##### Information shown #####

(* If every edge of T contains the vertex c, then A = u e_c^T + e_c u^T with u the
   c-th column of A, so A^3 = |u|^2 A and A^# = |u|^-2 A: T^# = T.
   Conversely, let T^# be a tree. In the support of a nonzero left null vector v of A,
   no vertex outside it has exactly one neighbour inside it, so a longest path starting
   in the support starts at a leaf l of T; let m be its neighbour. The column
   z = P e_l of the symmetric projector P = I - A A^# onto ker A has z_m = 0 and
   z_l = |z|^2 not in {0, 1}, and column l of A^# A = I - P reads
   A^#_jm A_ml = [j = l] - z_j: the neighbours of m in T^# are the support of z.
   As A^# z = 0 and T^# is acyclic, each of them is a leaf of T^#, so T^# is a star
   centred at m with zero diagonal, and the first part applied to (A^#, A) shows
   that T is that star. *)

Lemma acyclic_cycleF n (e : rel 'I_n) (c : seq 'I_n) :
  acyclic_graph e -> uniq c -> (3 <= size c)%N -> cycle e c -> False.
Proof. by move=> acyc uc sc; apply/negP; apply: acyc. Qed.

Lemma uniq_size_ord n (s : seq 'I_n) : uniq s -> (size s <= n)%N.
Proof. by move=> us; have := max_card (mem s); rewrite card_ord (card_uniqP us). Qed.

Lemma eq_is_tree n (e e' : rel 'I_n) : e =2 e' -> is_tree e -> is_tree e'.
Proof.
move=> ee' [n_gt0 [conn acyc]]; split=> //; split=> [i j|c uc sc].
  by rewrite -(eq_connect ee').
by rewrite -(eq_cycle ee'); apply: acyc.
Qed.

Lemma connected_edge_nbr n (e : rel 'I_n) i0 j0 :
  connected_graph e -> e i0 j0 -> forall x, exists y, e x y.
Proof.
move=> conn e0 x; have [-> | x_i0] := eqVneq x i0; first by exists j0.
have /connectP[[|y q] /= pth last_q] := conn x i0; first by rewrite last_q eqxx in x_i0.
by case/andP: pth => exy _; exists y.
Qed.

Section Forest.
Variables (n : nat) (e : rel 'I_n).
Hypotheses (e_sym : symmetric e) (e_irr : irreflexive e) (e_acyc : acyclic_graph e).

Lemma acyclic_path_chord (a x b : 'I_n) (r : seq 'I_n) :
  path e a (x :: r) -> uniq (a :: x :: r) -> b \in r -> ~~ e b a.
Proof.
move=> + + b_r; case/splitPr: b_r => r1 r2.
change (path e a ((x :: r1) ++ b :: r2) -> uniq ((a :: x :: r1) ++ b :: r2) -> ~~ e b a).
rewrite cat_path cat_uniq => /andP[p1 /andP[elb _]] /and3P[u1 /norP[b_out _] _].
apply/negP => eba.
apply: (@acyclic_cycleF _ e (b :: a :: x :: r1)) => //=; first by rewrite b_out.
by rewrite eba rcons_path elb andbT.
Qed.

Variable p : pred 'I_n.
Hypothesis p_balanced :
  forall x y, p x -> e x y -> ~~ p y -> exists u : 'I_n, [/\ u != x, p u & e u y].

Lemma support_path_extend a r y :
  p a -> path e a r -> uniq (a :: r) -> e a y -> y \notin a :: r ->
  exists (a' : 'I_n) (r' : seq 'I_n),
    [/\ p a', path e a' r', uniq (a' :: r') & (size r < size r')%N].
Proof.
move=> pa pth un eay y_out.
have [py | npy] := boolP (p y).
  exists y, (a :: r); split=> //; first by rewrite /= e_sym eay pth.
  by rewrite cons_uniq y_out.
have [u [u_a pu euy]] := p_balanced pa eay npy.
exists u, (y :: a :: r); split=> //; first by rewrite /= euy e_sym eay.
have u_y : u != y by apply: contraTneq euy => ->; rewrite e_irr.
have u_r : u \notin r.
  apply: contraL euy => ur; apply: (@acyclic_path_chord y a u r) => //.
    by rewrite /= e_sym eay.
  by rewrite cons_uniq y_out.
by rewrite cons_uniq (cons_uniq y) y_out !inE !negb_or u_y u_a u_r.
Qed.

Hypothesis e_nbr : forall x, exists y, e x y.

#####
##### Information shown #####

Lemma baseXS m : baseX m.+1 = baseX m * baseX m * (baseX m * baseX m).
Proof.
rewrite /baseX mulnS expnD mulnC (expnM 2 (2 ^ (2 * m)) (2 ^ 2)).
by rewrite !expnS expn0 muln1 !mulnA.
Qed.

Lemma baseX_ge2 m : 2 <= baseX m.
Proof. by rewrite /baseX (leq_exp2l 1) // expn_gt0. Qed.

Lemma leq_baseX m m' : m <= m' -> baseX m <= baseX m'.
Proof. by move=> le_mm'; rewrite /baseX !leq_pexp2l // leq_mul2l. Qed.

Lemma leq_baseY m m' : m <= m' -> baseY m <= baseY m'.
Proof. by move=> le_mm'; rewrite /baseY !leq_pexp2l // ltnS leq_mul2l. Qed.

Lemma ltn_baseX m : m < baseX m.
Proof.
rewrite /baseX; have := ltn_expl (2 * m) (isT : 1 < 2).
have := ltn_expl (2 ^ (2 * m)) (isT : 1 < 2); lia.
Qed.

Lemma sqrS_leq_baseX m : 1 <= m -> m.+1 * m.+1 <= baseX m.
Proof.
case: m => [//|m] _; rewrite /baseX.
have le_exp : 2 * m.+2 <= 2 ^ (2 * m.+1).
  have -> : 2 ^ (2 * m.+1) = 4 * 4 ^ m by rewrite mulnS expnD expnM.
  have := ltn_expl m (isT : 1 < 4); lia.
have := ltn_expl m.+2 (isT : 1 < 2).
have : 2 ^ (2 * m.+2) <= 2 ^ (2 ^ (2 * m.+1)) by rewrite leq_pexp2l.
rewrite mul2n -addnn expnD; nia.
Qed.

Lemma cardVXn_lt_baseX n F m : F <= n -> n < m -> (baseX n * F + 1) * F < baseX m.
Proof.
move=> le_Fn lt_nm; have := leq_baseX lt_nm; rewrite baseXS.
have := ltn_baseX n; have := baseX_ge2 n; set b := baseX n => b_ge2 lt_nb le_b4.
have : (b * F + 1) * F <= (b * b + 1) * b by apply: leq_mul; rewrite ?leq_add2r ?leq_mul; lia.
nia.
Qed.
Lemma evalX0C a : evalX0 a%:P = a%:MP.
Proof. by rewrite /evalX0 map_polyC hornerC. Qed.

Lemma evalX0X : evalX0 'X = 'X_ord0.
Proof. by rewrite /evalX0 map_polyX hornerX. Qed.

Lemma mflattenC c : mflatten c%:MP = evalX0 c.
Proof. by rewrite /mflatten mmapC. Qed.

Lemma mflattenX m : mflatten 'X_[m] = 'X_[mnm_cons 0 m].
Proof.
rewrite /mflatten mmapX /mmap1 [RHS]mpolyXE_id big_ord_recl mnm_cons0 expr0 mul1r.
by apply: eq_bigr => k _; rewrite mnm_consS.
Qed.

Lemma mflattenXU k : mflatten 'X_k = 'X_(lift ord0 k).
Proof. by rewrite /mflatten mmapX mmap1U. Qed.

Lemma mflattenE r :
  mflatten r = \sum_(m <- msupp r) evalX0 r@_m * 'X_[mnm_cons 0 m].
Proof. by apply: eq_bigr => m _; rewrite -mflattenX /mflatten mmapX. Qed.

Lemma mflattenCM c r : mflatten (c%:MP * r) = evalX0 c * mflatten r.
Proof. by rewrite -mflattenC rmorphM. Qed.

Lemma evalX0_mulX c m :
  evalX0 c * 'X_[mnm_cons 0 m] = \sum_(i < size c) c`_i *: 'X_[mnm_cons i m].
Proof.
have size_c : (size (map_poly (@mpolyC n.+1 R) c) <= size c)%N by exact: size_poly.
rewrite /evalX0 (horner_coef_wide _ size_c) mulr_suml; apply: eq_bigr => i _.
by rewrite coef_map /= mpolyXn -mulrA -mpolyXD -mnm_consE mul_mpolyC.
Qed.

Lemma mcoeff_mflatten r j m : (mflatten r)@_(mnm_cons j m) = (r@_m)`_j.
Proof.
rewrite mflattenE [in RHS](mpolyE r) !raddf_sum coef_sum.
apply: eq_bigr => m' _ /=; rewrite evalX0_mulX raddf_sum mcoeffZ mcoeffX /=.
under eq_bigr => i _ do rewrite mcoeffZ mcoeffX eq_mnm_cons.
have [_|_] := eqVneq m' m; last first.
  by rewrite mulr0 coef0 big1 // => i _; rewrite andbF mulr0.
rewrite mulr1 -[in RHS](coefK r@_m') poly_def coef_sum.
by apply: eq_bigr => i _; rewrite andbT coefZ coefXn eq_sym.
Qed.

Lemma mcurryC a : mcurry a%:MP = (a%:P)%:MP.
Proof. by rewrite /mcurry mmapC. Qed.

#####
##### Information shown #####

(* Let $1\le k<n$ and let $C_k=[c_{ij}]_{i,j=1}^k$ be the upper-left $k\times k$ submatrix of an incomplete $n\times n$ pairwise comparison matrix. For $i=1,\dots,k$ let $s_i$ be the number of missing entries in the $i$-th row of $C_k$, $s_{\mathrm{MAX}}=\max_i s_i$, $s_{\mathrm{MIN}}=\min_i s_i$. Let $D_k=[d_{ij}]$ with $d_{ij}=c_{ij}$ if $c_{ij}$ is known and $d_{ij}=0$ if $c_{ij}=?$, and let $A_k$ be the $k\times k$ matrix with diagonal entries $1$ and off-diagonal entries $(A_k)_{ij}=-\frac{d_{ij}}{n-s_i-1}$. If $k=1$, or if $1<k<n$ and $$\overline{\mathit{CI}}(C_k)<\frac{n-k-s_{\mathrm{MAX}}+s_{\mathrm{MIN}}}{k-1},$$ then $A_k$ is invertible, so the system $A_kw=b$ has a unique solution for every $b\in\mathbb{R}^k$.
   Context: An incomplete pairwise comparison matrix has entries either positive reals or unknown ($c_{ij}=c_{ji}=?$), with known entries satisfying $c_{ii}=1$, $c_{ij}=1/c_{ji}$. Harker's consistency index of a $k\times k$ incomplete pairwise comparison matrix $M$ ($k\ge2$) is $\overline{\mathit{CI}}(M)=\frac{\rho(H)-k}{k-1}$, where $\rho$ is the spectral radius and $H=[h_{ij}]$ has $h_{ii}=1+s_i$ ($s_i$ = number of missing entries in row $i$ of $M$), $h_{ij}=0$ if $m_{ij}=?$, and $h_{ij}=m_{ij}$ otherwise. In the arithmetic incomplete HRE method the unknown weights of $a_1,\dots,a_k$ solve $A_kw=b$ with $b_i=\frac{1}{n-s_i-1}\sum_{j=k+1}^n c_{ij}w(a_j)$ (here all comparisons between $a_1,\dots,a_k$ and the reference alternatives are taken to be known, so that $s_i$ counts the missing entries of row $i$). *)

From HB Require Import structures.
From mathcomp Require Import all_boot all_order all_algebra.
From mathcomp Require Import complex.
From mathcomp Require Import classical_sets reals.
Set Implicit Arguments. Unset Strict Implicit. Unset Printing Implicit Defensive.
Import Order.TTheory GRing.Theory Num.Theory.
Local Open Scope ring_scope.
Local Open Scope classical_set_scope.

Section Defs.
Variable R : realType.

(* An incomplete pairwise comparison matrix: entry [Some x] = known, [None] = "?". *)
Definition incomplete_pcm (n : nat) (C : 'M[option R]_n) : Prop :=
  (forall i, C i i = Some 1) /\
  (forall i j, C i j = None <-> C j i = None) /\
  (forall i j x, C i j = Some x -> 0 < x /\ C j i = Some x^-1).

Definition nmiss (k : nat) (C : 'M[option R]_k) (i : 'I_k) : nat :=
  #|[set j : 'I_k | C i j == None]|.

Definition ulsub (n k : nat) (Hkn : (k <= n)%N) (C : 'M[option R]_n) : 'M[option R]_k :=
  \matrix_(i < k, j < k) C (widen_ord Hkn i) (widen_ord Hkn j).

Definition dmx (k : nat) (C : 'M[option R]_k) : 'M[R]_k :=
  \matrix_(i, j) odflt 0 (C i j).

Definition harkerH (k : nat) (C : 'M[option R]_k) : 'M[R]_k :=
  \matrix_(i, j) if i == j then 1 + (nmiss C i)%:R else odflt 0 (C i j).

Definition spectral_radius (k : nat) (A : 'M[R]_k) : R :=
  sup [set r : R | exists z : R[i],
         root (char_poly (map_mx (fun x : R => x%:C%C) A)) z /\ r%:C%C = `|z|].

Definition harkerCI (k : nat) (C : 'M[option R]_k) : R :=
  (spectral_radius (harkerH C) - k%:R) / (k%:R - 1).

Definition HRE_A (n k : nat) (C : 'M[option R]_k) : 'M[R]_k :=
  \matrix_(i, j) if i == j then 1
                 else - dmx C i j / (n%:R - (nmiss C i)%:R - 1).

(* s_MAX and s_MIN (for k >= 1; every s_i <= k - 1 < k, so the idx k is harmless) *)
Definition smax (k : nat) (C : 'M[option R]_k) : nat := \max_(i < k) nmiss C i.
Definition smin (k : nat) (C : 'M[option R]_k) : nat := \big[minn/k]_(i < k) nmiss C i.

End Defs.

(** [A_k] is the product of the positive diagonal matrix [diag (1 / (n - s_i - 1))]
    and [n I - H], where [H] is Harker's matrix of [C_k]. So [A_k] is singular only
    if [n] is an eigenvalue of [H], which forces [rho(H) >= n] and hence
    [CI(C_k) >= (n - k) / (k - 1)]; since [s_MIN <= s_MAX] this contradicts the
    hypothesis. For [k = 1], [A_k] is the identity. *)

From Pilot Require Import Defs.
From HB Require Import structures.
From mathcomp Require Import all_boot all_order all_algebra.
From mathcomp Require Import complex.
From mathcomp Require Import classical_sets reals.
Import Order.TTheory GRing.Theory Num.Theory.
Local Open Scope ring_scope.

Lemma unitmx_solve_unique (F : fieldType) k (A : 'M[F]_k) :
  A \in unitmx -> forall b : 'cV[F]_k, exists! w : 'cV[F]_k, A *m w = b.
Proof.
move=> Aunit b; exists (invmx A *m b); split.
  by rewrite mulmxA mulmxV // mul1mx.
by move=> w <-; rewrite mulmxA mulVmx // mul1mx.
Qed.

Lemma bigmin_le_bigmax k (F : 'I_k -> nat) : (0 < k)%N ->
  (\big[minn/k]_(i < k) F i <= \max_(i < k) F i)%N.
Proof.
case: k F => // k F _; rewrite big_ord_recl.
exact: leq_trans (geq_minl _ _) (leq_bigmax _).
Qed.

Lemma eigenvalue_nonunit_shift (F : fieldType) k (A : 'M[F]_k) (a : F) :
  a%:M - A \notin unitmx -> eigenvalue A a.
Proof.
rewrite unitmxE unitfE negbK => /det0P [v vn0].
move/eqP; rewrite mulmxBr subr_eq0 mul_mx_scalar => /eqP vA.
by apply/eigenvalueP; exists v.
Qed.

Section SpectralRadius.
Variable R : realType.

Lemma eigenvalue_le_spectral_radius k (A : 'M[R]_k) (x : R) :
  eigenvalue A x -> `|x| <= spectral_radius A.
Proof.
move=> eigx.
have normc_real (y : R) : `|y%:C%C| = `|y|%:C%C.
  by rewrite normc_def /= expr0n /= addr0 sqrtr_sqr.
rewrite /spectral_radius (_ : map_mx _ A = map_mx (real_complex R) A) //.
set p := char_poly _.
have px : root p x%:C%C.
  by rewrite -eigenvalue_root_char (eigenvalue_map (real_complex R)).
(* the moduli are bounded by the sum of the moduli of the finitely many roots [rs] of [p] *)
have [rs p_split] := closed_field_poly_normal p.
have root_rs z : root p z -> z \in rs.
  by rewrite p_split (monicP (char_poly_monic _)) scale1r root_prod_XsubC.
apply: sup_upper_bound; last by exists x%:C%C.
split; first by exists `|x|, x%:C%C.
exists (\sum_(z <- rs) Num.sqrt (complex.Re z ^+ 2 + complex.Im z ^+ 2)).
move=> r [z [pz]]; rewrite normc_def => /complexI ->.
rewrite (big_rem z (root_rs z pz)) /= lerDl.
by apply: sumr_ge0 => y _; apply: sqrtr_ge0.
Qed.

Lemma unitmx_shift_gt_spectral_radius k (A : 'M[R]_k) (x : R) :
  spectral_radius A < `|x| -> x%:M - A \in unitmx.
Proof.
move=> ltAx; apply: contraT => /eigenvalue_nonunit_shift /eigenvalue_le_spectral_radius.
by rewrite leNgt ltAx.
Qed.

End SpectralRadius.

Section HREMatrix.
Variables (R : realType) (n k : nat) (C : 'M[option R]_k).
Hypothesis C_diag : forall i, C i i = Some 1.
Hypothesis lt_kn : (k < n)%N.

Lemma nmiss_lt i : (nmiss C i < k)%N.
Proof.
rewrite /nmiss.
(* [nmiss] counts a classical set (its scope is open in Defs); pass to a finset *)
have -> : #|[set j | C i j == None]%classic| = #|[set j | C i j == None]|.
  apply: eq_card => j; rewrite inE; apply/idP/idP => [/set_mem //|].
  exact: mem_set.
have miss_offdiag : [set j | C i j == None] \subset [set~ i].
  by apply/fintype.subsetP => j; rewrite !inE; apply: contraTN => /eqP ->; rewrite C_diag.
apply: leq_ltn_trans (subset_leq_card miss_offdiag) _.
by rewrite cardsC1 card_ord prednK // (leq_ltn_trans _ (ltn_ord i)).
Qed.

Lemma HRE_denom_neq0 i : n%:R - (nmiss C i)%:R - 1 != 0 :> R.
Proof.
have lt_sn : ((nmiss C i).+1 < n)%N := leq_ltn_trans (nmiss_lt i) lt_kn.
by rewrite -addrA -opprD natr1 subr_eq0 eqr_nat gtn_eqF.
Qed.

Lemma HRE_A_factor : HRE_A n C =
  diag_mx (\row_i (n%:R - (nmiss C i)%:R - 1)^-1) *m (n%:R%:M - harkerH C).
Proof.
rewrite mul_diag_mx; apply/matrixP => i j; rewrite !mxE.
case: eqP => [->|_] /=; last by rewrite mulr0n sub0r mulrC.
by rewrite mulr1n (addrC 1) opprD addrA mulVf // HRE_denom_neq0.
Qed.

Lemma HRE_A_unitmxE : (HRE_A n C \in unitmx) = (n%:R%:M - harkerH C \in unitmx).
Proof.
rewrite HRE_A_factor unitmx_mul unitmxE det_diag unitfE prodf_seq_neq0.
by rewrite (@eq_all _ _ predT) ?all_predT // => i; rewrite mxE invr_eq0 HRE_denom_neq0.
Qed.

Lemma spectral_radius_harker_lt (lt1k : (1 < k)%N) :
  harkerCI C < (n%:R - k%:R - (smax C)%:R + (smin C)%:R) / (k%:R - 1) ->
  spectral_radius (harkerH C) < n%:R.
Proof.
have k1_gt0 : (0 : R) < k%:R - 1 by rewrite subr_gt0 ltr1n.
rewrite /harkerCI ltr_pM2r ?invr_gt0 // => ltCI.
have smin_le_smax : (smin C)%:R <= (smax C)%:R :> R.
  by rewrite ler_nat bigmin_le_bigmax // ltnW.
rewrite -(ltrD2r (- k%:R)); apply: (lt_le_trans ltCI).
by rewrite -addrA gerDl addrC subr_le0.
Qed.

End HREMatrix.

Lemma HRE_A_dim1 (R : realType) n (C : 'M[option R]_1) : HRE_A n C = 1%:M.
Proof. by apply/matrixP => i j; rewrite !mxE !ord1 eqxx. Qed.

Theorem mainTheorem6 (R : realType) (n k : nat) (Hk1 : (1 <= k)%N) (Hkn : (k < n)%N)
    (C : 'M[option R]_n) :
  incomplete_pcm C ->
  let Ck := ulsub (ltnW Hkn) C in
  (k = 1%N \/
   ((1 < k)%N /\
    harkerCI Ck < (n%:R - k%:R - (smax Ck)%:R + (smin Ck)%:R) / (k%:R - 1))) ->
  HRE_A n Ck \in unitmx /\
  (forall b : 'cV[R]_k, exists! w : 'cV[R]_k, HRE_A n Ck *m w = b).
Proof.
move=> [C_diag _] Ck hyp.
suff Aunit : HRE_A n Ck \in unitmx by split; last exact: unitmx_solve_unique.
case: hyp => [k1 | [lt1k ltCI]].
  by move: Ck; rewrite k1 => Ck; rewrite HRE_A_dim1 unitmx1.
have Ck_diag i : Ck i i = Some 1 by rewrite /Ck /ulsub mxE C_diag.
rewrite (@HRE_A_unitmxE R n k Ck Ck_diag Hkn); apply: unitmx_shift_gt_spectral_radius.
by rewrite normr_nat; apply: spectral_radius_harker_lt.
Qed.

#####

* _Task brief_: Quote the data above from the line containing "Lemma HRE_A_factor : HRE_A" to the line containing "move=> [C_diag _] Ck hyp.", inclusive, and stop.

* _Solution to this exercise_:
Lemma HRE_A_factor : HRE_A n C =
  diag_mx (\row_i (n%:R - (nmiss C i)%:R - 1)^-1) *m (n%:R%:M - harkerH C).
Proof.
rewrite mul_diag_mx; apply/matrixP => i j; rewrite !mxE.
case: eqP => [->|_] /=; last by rewrite mulr0n sub0r mulrC.
by rewrite mulr1n (addrC 1) opprD addrA mulVf // HRE_denom_neq0.
Qed.

Lemma HRE_A_unitmxE : (HRE_A n C \in unitmx) = (n%:R%:M - harkerH C \in unitmx).
Proof.
rewrite HRE_A_factor unitmx_mul unitmxE det_diag unitfE prodf_seq_neq0.
by rewrite (@eq_all _ _ predT) ?all_predT // => i; rewrite mxE invr_eq0 HRE_denom_neq0.
Qed.

Lemma spectral_radius_harker_lt (lt1k : (1 < k)%N) :
  harkerCI C < (n%:R - k%:R - (smax C)%:R + (smin C)%:R) / (k%:R - 1) ->
  spectral_radius (harkerH C) < n%:R.
Proof.
have k1_gt0 : (0 : R) < k%:R - 1 by rewrite subr_gt0 ltr1n.
rewrite /harkerCI ltr_pM2r ?invr_gt0 // => ltCI.
have smin_le_smax : (smin C)%:R <= (smax C)%:R :> R.
  by rewrite ler_nat bigmin_le_bigmax // ltnW.
rewrite -(ltrD2r (- k%:R)); apply: (lt_le_trans ltCI).
by rewrite -addrA gerDl addrC subr_le0.
Qed.

End HREMatrix.

Lemma HRE_A_dim1 (R : realType) n (C : 'M[option R]_1) : HRE_A n C = 1%:M.
Proof. by apply/matrixP => i j; rewrite !mxE !ord1 eqxx. Qed.

Theorem mainTheorem6 (R : realType) (n k : nat) (Hk1 : (1 <= k)%N) (Hkn : (k < n)%N)
    (C : 'M[option R]_n) :
  incomplete_pcm C ->
  let Ck := ulsub (ltnW Hkn) C in
  (k = 1%N \/
   ((1 < k)%N /\
    harkerCI Ck < (n%:R - k%:R - (smax Ck)%:R + (smin Ck)%:R) / (k%:R - 1))) ->
  HRE_A n Ck \in unitmx /\
  (forall b : 'cV[R]_k, exists! w : 'cV[R]_k, HRE_A n Ck *m w = b).
Proof.
move=> [C_diag _] Ck hyp.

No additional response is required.